Italian business executive and engineer (born 1955)

Francesco Starace (/it/; born 22 September 1955) is an Italian business executive, from 2014 to 2023 he was CEO and general manager of Enel Group.

==Life==
In 1980 he graduated in Nuclear Engineering at the Polytechnic University of Milan.

From 1981 to 1982 he worked as a safety analyst for the nuclear power plants of NIRA Ansaldo. Until 1987 he held a number of managerial positions in SAE SADELMI, a company owned by General Electric, both in Italy and abroad (the US, Saudi Arabia and Egypt).

In 1987 he relocated to ABB. In 1993 he was assigned to the role of Operations Manager for SOIMI, company part of the group ABB SAE SADELMI.
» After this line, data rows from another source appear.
Lemma separation_core_point {R : realType} {V : lmodType R} (W : set V) (w0 : V) :
  (forall u v (t : R), W u -> W v -> 0 < t -> t < 1 -> W (t *: u + (1 - t) *: v)) ->
  (forall v, exists2 d : R, 0 < d & W (w0 + d *: v)) -> ~ W 0 ->
  exists F : V -> R, [/\ linear_form F, F w0 = -1 & forall w, W w -> F w <= 0].
Proof.
move=> W_convex W_core W0.
have [|//||F [FL Fw0 FU]] := @separation_absorbing R V [set u | W (w0 + u)] (- w0).
- move=> u v t Wu Wv t0 t1; have := W_convex _ _ _ Wu Wv t0 t1; rewrite /=.
  by rewrite !scalerDr addrACA -scalerDl subrKC scale1r.
- by rewrite /= subrr.
exists F; split => //; first by rewrite -[w0]opprK linear_formN // Fw0.
move=> w Ww; have := FU (w - w0); rewrite /= addrC subrK => /(_ Ww).
by rewrite linear_formD // Fw0; lra.
Qed.

Section extended_functions.
Context {R : realType} {X : normedModType R}.

Lemma convex_efun_lt (f : X -> \bar R) x x' (a a' t : R) : convex_efun f ->
  (f x < a%:E)%E -> (f x' < a'%:E)%E -> 0 < t -> t < 1 ->
  (f (t *: x + (1 - t) *: x')%R < (t * a + (1 - t) * a')%:E)%E.
Proof.
move=> f_convex fx fx' t0 t1; apply: le_lt_trans (f_convex x x' t t0 t1) _.
by rewrite [X in (_ < X)%E]EFinD !EFinM; apply: lteD; rewrite lte_pmul2l ?lte_fin ?subr_gt0.
Qed.

Lemma convex_efun_EFin (h : X -> R) : convex_rfun h -> convex_efun (fun x => (h x)%:E).
Proof.
move=> h_convex x y t t0 t1; rewrite -!EFinM -EFinD lee_fin.
by apply: h_convex; rewrite !ltW.
Qed.

Lemma convex_rfun_dist (a : X) (b k : R) : 0 <= k ->
  convex_rfun (fun y => b + k * `|y - a|).
Proof.
move=> k0 x y t /andP[t0 t1].
have -> : t *: x + (1 - t) *: y - a = t *: (x - a) + (1 - t) *: (y - a).
  by rewrite !scalerBr addrACA -opprD -scalerDl subrKC scale1r.
have := ler_normD (t *: (x - a)) ((1 - t) *: (y - a)).
rewrite !normrZ ger0_norm // ger0_norm ?subr_ge0 // => le.
have := ler_wpM2l k0 le; nra.
Qed.

Lemma proper_fun_fin (f : X -> \bar R) : proper_fun f -> exists x (r : R), f x = r%:E.
Proof. by move=> [fN [x]]; move: (fN x); case fx: (f x) => [r| |] // _ _; exists x, r. Qed.

Lemma lower_semicontinuous_ball (f : X -> \bar R) x (a : R) : lower_semicontinuous f ->
  (a%:E < f x)%E -> exists2 rho : R, 0 < rho & forall y, `|x - y| < rho -> (a%:E < f y)%E.
Proof.
move=> f_lsc /f_lsc[V /nbhs_ballP[rho rho0 Vball] fV].
by exists rho => // y xy; apply/fV/Vball; rewrite -ball_normE.
Qed.

Lemma lower_semicontinuous_EFin (h : X -> R) : continuous h ->
  lower_semicontinuous (fun x => (h x)%:E).
Proof.
move=> h_cont x a; rewrite lte_fin => ax.
by exists [set y | a < h y]; [exact: cvgr_gt (h_cont x) _ ax | move=> y; rewrite lte_fin].
Qed.

End extended_functions.

Section dual.
Context {R : realType} {X : normedModType R}.
Implicit Types phi psi : X -> R.

Lemma in_dual0 : in_dual (fun _ : X => 0 : R).
Proof. by split=> [a x y|x]; [rewrite mulr0 addr0 | exact: cvg_cst]. Qed.

Lemma in_dualZ (a : R) phi : in_dual phi -> in_dual (fun x => a * phi x).
Proof.
case=> L C; split=> [b x y|x]; first by rewrite L; ring.
by apply: cvgM; [exact: cvg_cst | exact: C].
Qed.

Lemma in_dualD phi psi : in_dual phi -> in_dual psi -> in_dual (fun x => phi x + psi x).
Proof.
case=> L C [L' C']; split=> [b x y|x]; first by rewrite L L'; ring.
by apply: cvgD; [exact: C | exact: C'].
Qed.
Between 1997 and 1998 he was CEO of ABB Combustion Engineering Italy, and then of Alstom Power, where between 1998 and 2000 he was senior vice president of global sales and turnkey plants in the gas turbine division.

In 2000 he became head of Energy Management at Enel Produzione. While working for the Italian electricity company, between 2002 and 2005, he held the post of head of the Business Power division.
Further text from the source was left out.